Rosey politics

by Michael Tilley ([email protected]) 83 views 

Rosey is back. With her (or his) back up about politics.

As a reminder, an alleged dog owner sends us real letters about Rosey’s (the dog) incessant need for attention and glory and sex and alcohol. The latter two choices are understandable, but we find it ironic that Rosey seeks glory and attention from the local social ruling class of which she professes to detest.

The first letter from Rosey detailed her need for attention. The second letter portrayed Rosey as a testy little you-know-what who packed her martini glasses and headed west when perturbed with The City Wire’s slow response to her need for attention. In the third episode of this pitiful drama, The City Wire tried to make up by proposing a new award in Rosey’s honor. The “Rosey” would recognize individuals, governments and other deserving (or undeserving) entities who create WAY more noise than results. Winners (or losers) will receive a bronze likeness of Rosey chasing her (or his) tail.

It appears Rosey, according to the latest letter from her (or his) owner, does not believe politics is an honorable path to the attention so desperately sought.

Dear Mr. Tilley:

It may be that everyone is a little sick of politics and that, in addition to the corrosive nature of politics, is what is fueling the anti-incumbent fever in our country. But you’ve got to admit that it does not seem, at times, that the best people seek office.

This was a subject of discussion the other day at my house when Rosey and I were in the hot tub sipping stingers. The house is mine but the tub belongs to Rosey, who by the way was naked. This ownership allows her to choose the guests. My chauffeur, Ludie, was there, as well as Rosey’s bodyguard, Georgie Keys, as well as our outside housekeeper, Mary Mad … everyone on the pipe, including Peno, our man in charge of water. You don’t want to know what the specific responsibilities are.

But we were all discussing the qualifications and running for office and being on civic boards and the like. A good part of the process begins with ego. Unfortunately, that’s sometimes the only qualification available. But if there were no ego, there might never be any creativity. What to do?

Mary Mad, the aggressive outside housekeeper, suggested we come up with a list of qualifications, sort of bench marks, and at least we, informally, apply these to all the people who want to run for office. Rosey made the first proposal. She said any applicant cannot have a mustache. Mary Mad, for obvious reasons, insisted we vote that down.

Peno had been very quiet and then he suggested that, at a minimum, they should know “how to screw the pooch.” As you may know, Peno was in the Navy and that’s the way he talks. This really upset Rosey and she didn’t quite know how to make out what he was saying but insisted he leave the hot tub immediately and that broke up the session.

We’ll get back to you.

Best regards,
An Insignificant Reader

The City Wire responded:

Dear Insignificant Reader and owner of Rosey:

It may be that Peno is the only one with the correct perspective on the matter. Before Rosey nips at my shins and removes us from the promised consideration for one of her “off-the-record” hot tub executive sessions, please hear us out.
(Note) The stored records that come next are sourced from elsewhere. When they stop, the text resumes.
(* Assume (A1)–(A2) and $N\geq \max\{1,\|f\|_\infty/2\}$, and let $v_n^h$ ($n\ge0$) be the functions produced by the semi-discrete policy iteration described in the context. Then for all $n\geq 0$, $v_{n+1}^h\leq v_n^h$ in $[0,T]\times\mathbb{R}^d$.
   Context: Let $d,m\ge1$, $T\ge 1$, $A\subset\mathbb{R}^m$ compact, $c:[0,T]\times\mathbb{R}^d\times A\to\mathbb{R}$, $f:[0,T]\times\mathbb{R}^d\times A\to\mathbb{R}^d$, $q:\mathbb{R}^d\to\mathbb{R}$. Let $\alpha(t,x,p)=\operatorname{argmin}_{a\in A}[c(t,x,a)+p\cdot f(t,x,a)]$, assumed to be the unique minimizer. Assumptions: (A1) $c,f,q$ are uniformly bounded and Lipschitz continuous in all their variables; (A2) $\alpha(\cdot,\cdot,\cdot)$ and a given continuous initial policy $\alpha_0:\mathbb{R}\times\mathbb{R}^d\to A$ are uniformly Lipschitz continuous in all their variables. For $\varphi:\mathbb{R}^d\to\mathbb{R}$, $h\in(0,1)$: $\nabla^h\varphi(x)=\big(\frac{\varphi(x+he_i)-\varphi(x-he_i)}{2h}\big)_{i=1}^d$, $\Delta^h\varphi(x)=\sum_{i=1}^d\frac{\varphi(x+he_i)-2\varphi(x)+\varphi(x-he_i)}{h^2}$ (acting in $x$). Semi-discrete policy iteration: for $n=0,1,\dots$, $v_n^h$ is the bounded Lipschitz solution of $\partial_t v_n^h+c(t,x,\alpha_n(t,x))+\nabla^h v_n^h\cdot f(t,x,\alpha_n(t,x))=-Nh\Delta^h v_n^h$ in $(0,T)\times\mathbb{R}^d$, $v_n^h(T,x)=q(x)$, and then $\alpha_{n+1}(t,x)=\alpha(t,x,\nabla^h v_n^h(t,x))$. *)

From HB Require Import structures.
From mathcomp Require Import all_boot all_order all_algebra.
From mathcomp Require Import all_classical all_reals all_analysis.
Set Implicit Arguments. Unset Strict Implicit. Unset Printing Implicit Defensive.
Import Order.TTheory GRing.Theory Num.Theory.
Import numFieldNormedType.Exports.
Local Open Scope classical_set_scope.
Local Open Scope ring_scope.

Section Defs.
Variable R : realType.

Definition evec (d : nat) (i : 'I_d) : 'rV[R]_d := delta_mx 0 i.

Definition dotv (d : nat) (p q : 'rV[R]_d) : R := \sum_(i < d) p 0 i * q 0 i.

Definition dgrad (d : nat) (h : R) (phi : 'rV[R]_d -> R) (x : 'rV[R]_d)
  : 'rV[R]_d :=
  \row_(i < d) ((phi (x + h *: evec i) - phi (x - h *: evec i)) / (2 * h)).

Definition dlap (d : nat) (h : R) (phi : 'rV[R]_d -> R) (x : 'rV[R]_d) : R :=
  \sum_(i < d)
    ((phi (x + h *: evec i) - 2 * phi x + phi (x - h *: evec i)) / (h ^+ 2)).

Definition lipschitz3 (V : normedModType R) (d m : nat)
  (D : R -> 'rV[R]_d -> 'rV[R]_m -> Prop)
  (g : R -> 'rV[R]_d -> 'rV[R]_m -> V) : Prop :=
  exists L : R, forall t x a t' x' a', D t x a -> D t' x' a' ->
    `|g t x a - g t' x' a'| <= L * (`|t - t'| + `|x - x'| + `|a - a'|).

Definition lipschitz2 (V : normedModType R) (d : nat)
  (D : R -> 'rV[R]_d -> Prop) (g : R -> 'rV[R]_d -> V) : Prop :=
  exists L : R, forall t x t' x', D t x -> D t' x' ->
    `|g t x - g t' x'| <= L * (`|t - t'| + `|x - x'|).

Definition lipschitz1 (V : normedModType R) (d : nat)
  (g : 'rV[R]_d -> V) : Prop :=
  exists L : R, forall x x', `|g x - g x'| <= L * `|x - x'|.

Definition bounded3 (V : normedModType R) (d m : nat)
  (D : R -> 'rV[R]_d -> 'rV[R]_m -> Prop)
  (g : R -> 'rV[R]_d -> 'rV[R]_m -> V) : Prop :=
  exists M : R, forall t x a, D t x a -> `|g t x a| <= M.

Definition bounded2 (V : normedModType R) (d : nat)
  (D : R -> 'rV[R]_d -> Prop) (g : R -> 'rV[R]_d -> V) : Prop :=
  exists M : R, forall t x, D t x -> `|g t x| <= M.

End Defs.

From HB Require Import structures.
From mathcomp Require Import all_boot all_order all_algebra.
From mathcomp Require Import all_classical all_reals all_analysis.
From mathcomp Require Import ring lra.
Import Order.TTheory GRing.Theory Num.Theory.
Import numFieldNormedType.Exports.
Set Implicit Arguments. Unset Strict Implicit. Unset Printing Implicit Defensive.
Local Open Scope classical_set_scope.
Local Open Scope ring_scope.

(* Let w = v_{n+1} - v_n, so that w = 0 at time T.  Since alpha_{n+1} minimises
   the Hamiltonian at the discrete gradient of v_n, subtracting the two
   equations gives  d_t w >= -(N h Delta^h w + nabla^h w . f(alpha_{n+1})).
   Because N >= |f|/2 this difference operator is monotone, so it is bounded
   by K sup_y (w(y) - w(x)).  A backward maximum principle then yields w <= 0:
   the mean value theorem on n equal subintervals of [t, T] raises sup w by
   O(1/n^2) per subinterval, so w(t) <= C / n for every large n. *)

Lemma lipschitz_continuous_within (R : realFieldType) (g : R -> R) (a b L : R) :
  0 <= L ->
  (forall s s', a <= s <= b -> a <= s' <= b -> `|g s - g s'| <= L * `|s - s'|) ->
  {within `[a, b], continuous g}.
Proof.
move=> L0 g_lip; apply/subspace_continuousP => x /=; rewrite in_itv /= => abx.
apply/cvgrPdist_le => e e0.
suff : \forall y \near x, [set` `[a, b]] y -> `|g x - g y| <= e by [].
apply/nbhs_normP; exists (e / (L + 1)); first by rewrite /= divr_gt0 //; lra.
move=> y /= /ltW xy; rewrite /= in_itv /= => aby.
apply: (le_trans (g_lip _ _ abx aby)); apply: (le_trans (ler_wpM2l L0 xy)).
rewrite mulrA ler_pdivrMr; nra.
Qed.

Lemma mx_norm_entry_le (R : realDomainType) (m n : nat) (M : 'M[R]_(m, n)) i j :
  `|M i j| <= `|M|.
Proof.
by rewrite [leRHS]mx_normrE; apply: (le_trans _ (le_bigmax _ _ (i, j))).
Qed.

Section DiscreteOperators.
Variables (R : realType) (d : nat) (h : R).
Implicit Types (phi psi : 'rV[R]_d -> R) (x p q r : 'rV[R]_d).

Lemma dotvBl p q r : dotv (p - q) r = dotv p r - dotv q r.
Proof. by rewrite /dotv -sumrB; apply: eq_bigr => i _; rewrite !mxE mulrBl. Qed.

Lemma dgradB phi psi x :
  dgrad h (phi \- psi) x = dgrad h phi x - dgrad h psi x.
Proof. by apply/rowP => i; rewrite !mxE /= -mulrBl; congr (_ * _); ring. Qed.

Lemma dlapB phi psi x : dlap h (phi \- psi) x = dlap h phi x - dlap h psi x.
Proof.
rewrite /dlap -sumrB; apply: eq_bigr => i _ /=.
by rewrite -mulrBl; congr (_ * _); ring.
Qed.

(* Monotonicity of the scheme: the weights 2N +- fi of the two neighbour
   increments are nonnegative. *)
Lemma centered_difference_le (N fi wp w wm E : R) : 0 < h -> `|fi| <= 2 * N ->
  wp - w <= E -> wm - w <= E ->
  N * h * ((wp - 2 * w + wm) / h ^+ 2) + (wp - wm) / (2 * h) * fi
    <= 2 * N / h * E.
Proof.
move=> h0 /[!ler_norml] /andP[fi_ge fi_le] wpE wmE.
have -> : N * h * ((wp - 2 * w + wm) / h ^+ 2) + (wp - wm) / (2 * h) * fi
  = ((2 * N + fi) * (wp - w) + (2 * N - fi) * (wm - w)) / (2 * h).
  by field; rewrite gt_eqF.
have -> : 2 * N / h * E = ((2 * N + fi) * E + (2 * N - fi) * E) / (2 * h).
  by field; rewrite gt_eqF.
rewrite ler_pM2r ?invr_gt0 ?mulr_gt0 //.
by apply: lerD; apply: ler_wpM2l => //; lra.
Qed.

Lemma dlap_dgrad_le (N E : R) phi x p : 0 < h ->
  `|p| <= 2 * N -> (forall y, phi y - phi x <= E) ->
  N * h * dlap h phi x + dotv (dgrad h phi x) p <= d%:R * (2 * N / h) * E.
Proof.
move=> h0 p_le phiE; rewrite /dlap /dotv mulr_sumr -big_split /=.
have -> : d%:R * (2 * N / h) * E = \sum_(i < d) (2 * N / h * E).
  by rewrite sumr_const card_ord mulr_natl mulrnAl.
apply: ler_sum => i _.
rewrite mxE; apply: centered_difference_le => //.
exact: le_trans (mx_norm_entry_le _ _ _) p_le.
Qed.

End DiscreteOperators.

Lemma improved_policy_derive_ge (R : realType) (d : nat) (h N E s c0 c1 : R)
    (u0 u1 : R -> 'rV[R]_d -> R) (x f0 f1 : 'rV[R]_d) :
  0 < h ->
  derivable (fun s => u0 s x) s 1 -> derivable (fun s => u1 s x) s 1 ->
  'D_1 (fun s => u0 s x) s + c0 + dotv (dgrad h (u0 s) x) f0
    = - (N * h * dlap h (u0 s) x) ->
  'D_1 (fun s => u1 s x) s + c1 + dotv (dgrad h (u1 s) x) f1
    = - (N * h * dlap h (u1 s) x) ->
  c1 + dotv (dgrad h (u0 s) x) f1 <= c0 + dotv (dgrad h (u0 s) x) f0 ->
  `|f1| <= 2 * N ->
  (forall y, (u1 s y - u0 s y) - (u1 s x - u0 s x) <= E) ->
  - (d%:R * (2 * N / h) * E) <= 'D_1 (fun s => u1 s x - u0 s x) s.
Proof.
move=> h0 du0 du1 eq0 eq1 improve f1_le wE.
have := dlap_dgrad_le h0 f1_le wE.
rewrite dlapB dgradB dotvBl.
have -> : (fun s => u1 s x - u0 s x) = (fun s => u1 s x) - (fun s => u0 s x) by [].
rewrite deriveB //; lra.
Qed.

Lemma lipschitz2_sub_time (R : realType) (d : nat) (D : R -> 'rV[R]_d -> Prop)
    (g0 g1 : R -> 'rV[R]_d -> R) :
  lipschitz2 D g0 -> lipschitz2 D g1 ->
  exists2 L, 0 <= L & forall y s s', D s y -> D s' y ->
    `|(g1 s y - g0 s y) - (g1 s' y - g0 s' y)| <= L * `|s - s'|.
Proof.
move=> [L0 g0_lip] [L1 g1_lip]; exists (`|L0| + `|L1|) => [|y s s' Ds Ds'].
  by rewrite addr_ge0.
have := g0_lip _ _ _ _ Ds Ds'; have := g1_lip _ _ _ _ Ds Ds'.
rewrite subrr normr0 addr0 => g1_le g0_le.
have -> : g1 s y - g0 s y - (g1 s' y - g0 s' y)
  = (g1 s y - g1 s' y) - (g0 s y - g0 s' y) by ring.
rewrite mulrDl [leRHS]addrC; apply: le_trans (ler_normB _ _) _; apply: lerD.
- by apply: le_trans g1_le _; rewrite ler_wpM2r ?ler_norm.
- by apply: le_trans g0_le _; rewrite ler_wpM2r ?ler_norm.
Qed.

Section BackwardComparison.
Variables (R : realType) (X : Type) (w : R -> X -> R) (t T K L : R).
Hypotheses (K_ge0 : 0 <= K) (L_ge0 : 0 <= L).
Hypothesis w_lip : forall y s s', t <= s <= T -> t <= s' <= T ->
  `|w s y - w s' y| <= L * `|s - s'|.
Hypothesis w_derivable : forall x s, t < s < T -> derivable (w^~ x) s 1.
Hypothesis w_derive_ge : forall x s E, t < s < T ->
  (forall y, w s y - w s x <= E) -> - (K * E) <= 'D_1 (w^~ x) s.

Lemma backward_step s0 s1 a : t <= s0 -> s0 < s1 -> s1 <= T ->
  (s1 - s0) * K <= 1 -> (forall y, w s1 y <= a) ->
  forall x, w s0 x <= a + 2 * K * L * (s1 - s0) ^+ 2.
Proof.
move=> ts0 s01 s1T dK wa x.
have in_tT s : s0 <= s <= s1 -> t <= s <= T.
  by case/andP=> s0s ss1; rewrite (le_trans ts0) ?(le_trans ss1).
have w_s1 y s : s0 <= s <= s1 -> `|w s y - w s1 y| <= L * (s1 - s0).
  move=> s01s; apply: le_trans (w_lip y (in_tT _ s01s) (in_tT s1 _)) _.
    by rewrite lexx andbT ltW.
  rewrite ler_wpM2l // distrC ger0_norm ?subr_ge0; case/andP: s01s => //; lra.
have [xi /[!in_itv] /= /andP[s0xi xis1] mvt] :
    exists2 xi, xi \in `]s0, s1[ & w s1 x - w s0 x = 'D_1 (w^~ x) xi * (s1 - s0).
  apply: (MVT (f := w^~ x) (df := 'D_1 (w^~ x))) => //.
    move=> s /[!in_itv] /= /andP[s0s ss1].
    by apply/derivableP/w_derivable; rewrite (le_lt_trans ts0) ?(lt_le_trans ss1).
  apply: lipschitz_continuous_within L_ge0 _ => s s' ss ss'.
  exact: w_lip (in_tT _ ss) (in_tT _ ss').
have xi_in : s0 <= xi <= s1 by rewrite !ltW.
(* Lipschitz continuity in time turns the bound w <= a at s1 into a bound on the
   oscillation of w at xi. *)
set E := a - w s1 x + 2 * L * (s1 - s0).
have D_ge : - (K * E) <= 'D_1 (w^~ x) xi.
  apply: w_derive_ge; first by rewrite (le_lt_trans ts0) ?(lt_le_trans xis1).
  move=> y; have := w_s1 y _ xi_in; have := w_s1 x _ xi_in; have := wa y.
  rewrite /E !ler_norml; lra.
have ws0_le : w s0 x <= w s1 x + (s1 - s0) * (K * E).
  have : - (K * E) * (s1 - s0) <= 'D_1 (w^~ x) xi * (s1 - s0).
    by rewrite ler_pM2r ?subr_gt0.
  lra.
have : 0 <= (1 - (s1 - s0) * K) * (a - w s1 x) by rewrite mulr_ge0 ?subr_ge0.
move: ws0_le; rewrite /E; lra.
Qed.

Lemma backward_steps n : (0 < n)%N -> t < T -> (T - t) / n%:R * K <= 1 ->
  (forall y, w T y <= 0) -> forall x, w t x <= 2 * K * L * (T - t) ^+ 2 / n%:R.
Proof.
move=> n_gt0 tT dK wT x.
set dl := (T - t) / n%:R in dK *.
have n_pos : 0 < n%:R :> R by rewrite ltr0n.
have dl_gt0 : 0 < dl by rewrite divr_gt0 ?subr_gt0.
have ndl : n%:R * dl = T - t by rewrite mulrC divfK ?gt_eqF.
suff grid_le k : (k <= n)%N ->
    forall y, w (T - k%:R * dl) y <= k%:R * (2 * K * L * dl ^+ 2).
  have := grid_le n (leqnn n) x; rewrite ndl opprB addrC subrK.
  suff -> : n%:R * (2 * K * L * dl ^+ 2) = 2 * K * L * (T - t) ^+ 2 / n%:R by [].
  by rewrite -ndl; field; rewrite gt_eqF.
elim: k => [|k IHk] kn y; first by rewrite !mul0r subr0 wT.
have knR : k%:R + 1 <= n%:R :> R by rewrite natr1 ler_nat.
have kS : k.+1%:R = k%:R + 1 :> R by rewrite natr1.
have gap : T - k%:R * dl - (T - k.+1%:R * dl) = dl by rewrite kS; ring.
have k_ge0 : 0 <= k%:R :> R by [].
apply: le_trans (backward_step (s0 := T - k.+1%:R * dl) _ _ _ _ (IHk (ltnW kn)) y) _;
  rewrite ?gap ?kS //; nra.
Qed.

Lemma backward_comparison : t <= T -> (forall y, w T y <= 0) ->
  forall x, w t x <= 0.
Proof.
move=> tT wT x; have [tT'|Tt] := ltP t T; last first.
  by rewrite (@le_anti _ _ t T) ?tT.
apply/ler_addgt0Pr => e e_gt0; rewrite add0r.
set C := 2 * K * L * (T - t) ^+ 2.
have C_ge0 : 0 <= C by rewrite /C mulr_ge0 ?sqr_ge0 // !mulr_ge0.
pose n := (Num.truncn (K * (T - t) + C / e)).+1.
have n_gt : K * (T - t) + C / e < n%:R := truncnS_gt _.
have n_pos : 0 < n%:R :> R by rewrite ltr0n.
have Ce_ge0 : 0 <= C / e by rewrite divr_ge0 // ltW.
apply: le_trans (backward_steps (n := n) _ tT' _ wT x) _ => //.
  by rewrite mulrAC ler_pdivrMr // mul1r; lra.
have KT_ge0 : 0 <= K * (T - t) by rewrite mulr_ge0 // subr_ge0 ltW.
have C_lt : C < e * n%:R by rewrite mulrC -ltr_pdivrMr //; lra.
by rewrite -/C ler_pdivrMr // ltW.
Qed.

End BackwardComparison.

Theorem proposition2p3 (R : realType) (d m : nat) (T h N : R)
  (A : set 'rV[R]_m)
  (c : R -> 'rV[R]_d -> 'rV[R]_m -> R)
  (f : R -> 'rV[R]_d -> 'rV[R]_m -> 'rV[R]_d)
  (q : 'rV[R]_d -> R)
  (alpha : R -> 'rV[R]_d -> 'rV[R]_d -> 'rV[R]_m)
  (pol : nat -> R -> 'rV[R]_d -> 'rV[R]_m)
  (v : nat -> R -> 'rV[R]_d -> R) :
  (1 <= d)%N -> (1 <= m)%N -> 1 <= T -> 0 < h < 1 ->
  compact A ->
  (* alpha(t,x,p) is the unique minimizer over A of c + p . f *)
  (forall t x p, 0 <= t <= T ->
     A (alpha t x p) /\
     forall a, A a ->
       c t x (alpha t x p) + dotv p (f t x (alpha t x p))
         <= c t x a + dotv p (f t x a) /\
       (c t x a + dotv p (f t x a)
          <= c t x (alpha t x p) + dotv p (f t x (alpha t x p)) ->
        a = alpha t x p)) ->
  (* (A1) *)
  bounded3 (fun t _ a => 0 <= t <= T /\ A a) c ->
  bounded3 (fun t _ a => 0 <= t <= T /\ A a) f ->
  (exists M : R, forall x, `|q x| <= M) ->
  lipschitz3 (fun t _ a => 0 <= t <= T /\ A a) c ->
  lipschitz3 (fun t _ a => 0 <= t <= T /\ A a) f ->
  lipschitz1 q ->
  (* (A2) *)
  lipschitz3 (fun t _ _ => 0 <= t <= T) alpha ->
  (forall t x, A (pol 0%N t x)) ->
  (forall t, continuous (fun x => pol 0%N t x)) ->
  lipschitz2 (fun _ _ => True) (pol 0%N) ->
  (* N >= max{1, ||f||_oo / 2} *)
  1 <= N ->
  (forall t x a, 0 <= t <= T -> A a -> `|f t x a| / 2 <= N) ->
  (* semi-discrete policy iteration *)
  (forall n : nat,
     bounded2 (fun t _ => 0 <= t <= T) (v n) /\
     lipschitz2 (fun t _ => 0 <= t <= T) (v n) /\
     (forall x, v n T x = q x) /\
     (forall t x, 0 < t < T ->
        derivable (fun s => v n s x) t 1 /\
        'D_1 (fun s => v n s x) t + c t x (pol n t x)
          + dotv (dgrad h (v n t) x) (f t x (pol n t x))
        = - (N * h * dlap h (v n t) x)) /\
     (forall t x, 0 <= t <= T ->
        pol n.+1 t x = alpha t x (dgrad h (v n t) x))) ->
  forall (n : nat) (t : R) (x : 'rV[R]_d), 0 <= t <= T ->
    v n.+1 t x <= v n t x.
Proof.
move=> _ _ _ /andP[h_gt0 _] _ alpha_min _ _ _ _ _ _ _ pol0_A _ _ N_ge1 f_le
  iteration n t x /andP[t_ge0 t_le].
have [_ [lip0 [vT0 [ode0 pol_next0]]]] := iteration n.
have [_ [lip1 [vT1 [ode1 _]]]] := iteration n.+1.
have polA k s y : 0 <= s <= T -> A (pol k s y).
  case: k => [|k] s_in; first exact: pol0_A.
  have [_ [_ [_ [_ pol_next]]]] := iteration k.
  by rewrite pol_next //; exact: (alpha_min _ _ _ s_in).1.
have [L L_ge0 w_lip] := lipschitz2_sub_time lip0 lip1.
have inner s : t < s < T -> 0 < s < T.
  by case/andP=> ts ->; rewrite (le_lt_trans t_ge0 ts).
rewrite -subr_le0.
apply: (@backward_comparison _ _ (fun s y => v n.+1 s y - v n s y)
  t T (d%:R * (2 * N / h)) L) => //.
- by rewrite mulr_ge0 // divr_ge0 //; lra.
- move=> y s s' /andP[ts sT] /andP[ts' s'T].
  by apply: w_lip; rewrite ?sT ?s'T (le_trans t_ge0).
- move=> y s /inner s_in.
  exact: derivableB (ode1 s y s_in).1 (ode0 s y s_in).1.
- move=> y s E /inner s_in wE.
  have s_in' : 0 <= s <= T by case/andP: s_in => /ltW -> /ltW ->.
  have [[dv0 eq0] [dv1 eq1]] := (ode0 s y s_in, ode1 s y s_in).
  apply: improved_policy_derive_ge dv0 dv1 eq0 eq1 _ _ wE => //.
    rewrite pol_next0 //.
    exact: ((alpha_min s y _ s_in').2 _ (polA n s y s_in')).1.
  by rewrite mulrC -ler_pdivrMr //; apply: f_le s_in' (polA _ _ _ s_in').
- by move=> y; rewrite vT0 vT1 subrr.
Qed.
Two of Arkansas’ most popular and successful — success in terms accomplishments and in moving up the political ladder — also happen to be in the top four of the top 53 political sex scandals according to Politicker.com. Or course, our former Gov. and President Bill Clinton takes the No. 1 spot after getting Lewinskied in the Oval Office.

Rep. Wilbur Mills, a Democratic congressman from Searcy who became the chairman of the powerful House Ways and Means Committee and was a presidential candidate in 1972, was busted several times during intoxicated romps with stripper Fanne Foxe. Mills, who ranks fourth on the Politicker list, once held a press conference from Foxe’s dressing room in the burlesque house where she performed. Now, that’s just good-old fashioned in-your-face and whatcha-gonna-do-about-it screwing the pooch that folks could get away with in the quiet time before Facebook, cable news and Viagra.

One might think Rosey would be proud and/or inspired that the small state of Arkansas could score so well in the top 53 list. Also, it’s likely Rosey appreciates how these two leading politicians were able to “screw the pooch” at the height of their power and popularity. Mills had a drinking problem he was later able to overcome. Clinton was just an All-American red-blooded horn dog.

We’re not suggesting Rosey do something wild like displaying her (or his) sexual proclivities in the Oval Office, Tidal Basin or other public venues. We do suggest that her lust for attention may best be sated by first getting elected and then doing something untoward with one or both of the big marble legs at the Lincoln Memorial. A call to the national media 15-30 minutes ahead of her leg work wouldn’t hurt.

Please know we are just trying to help.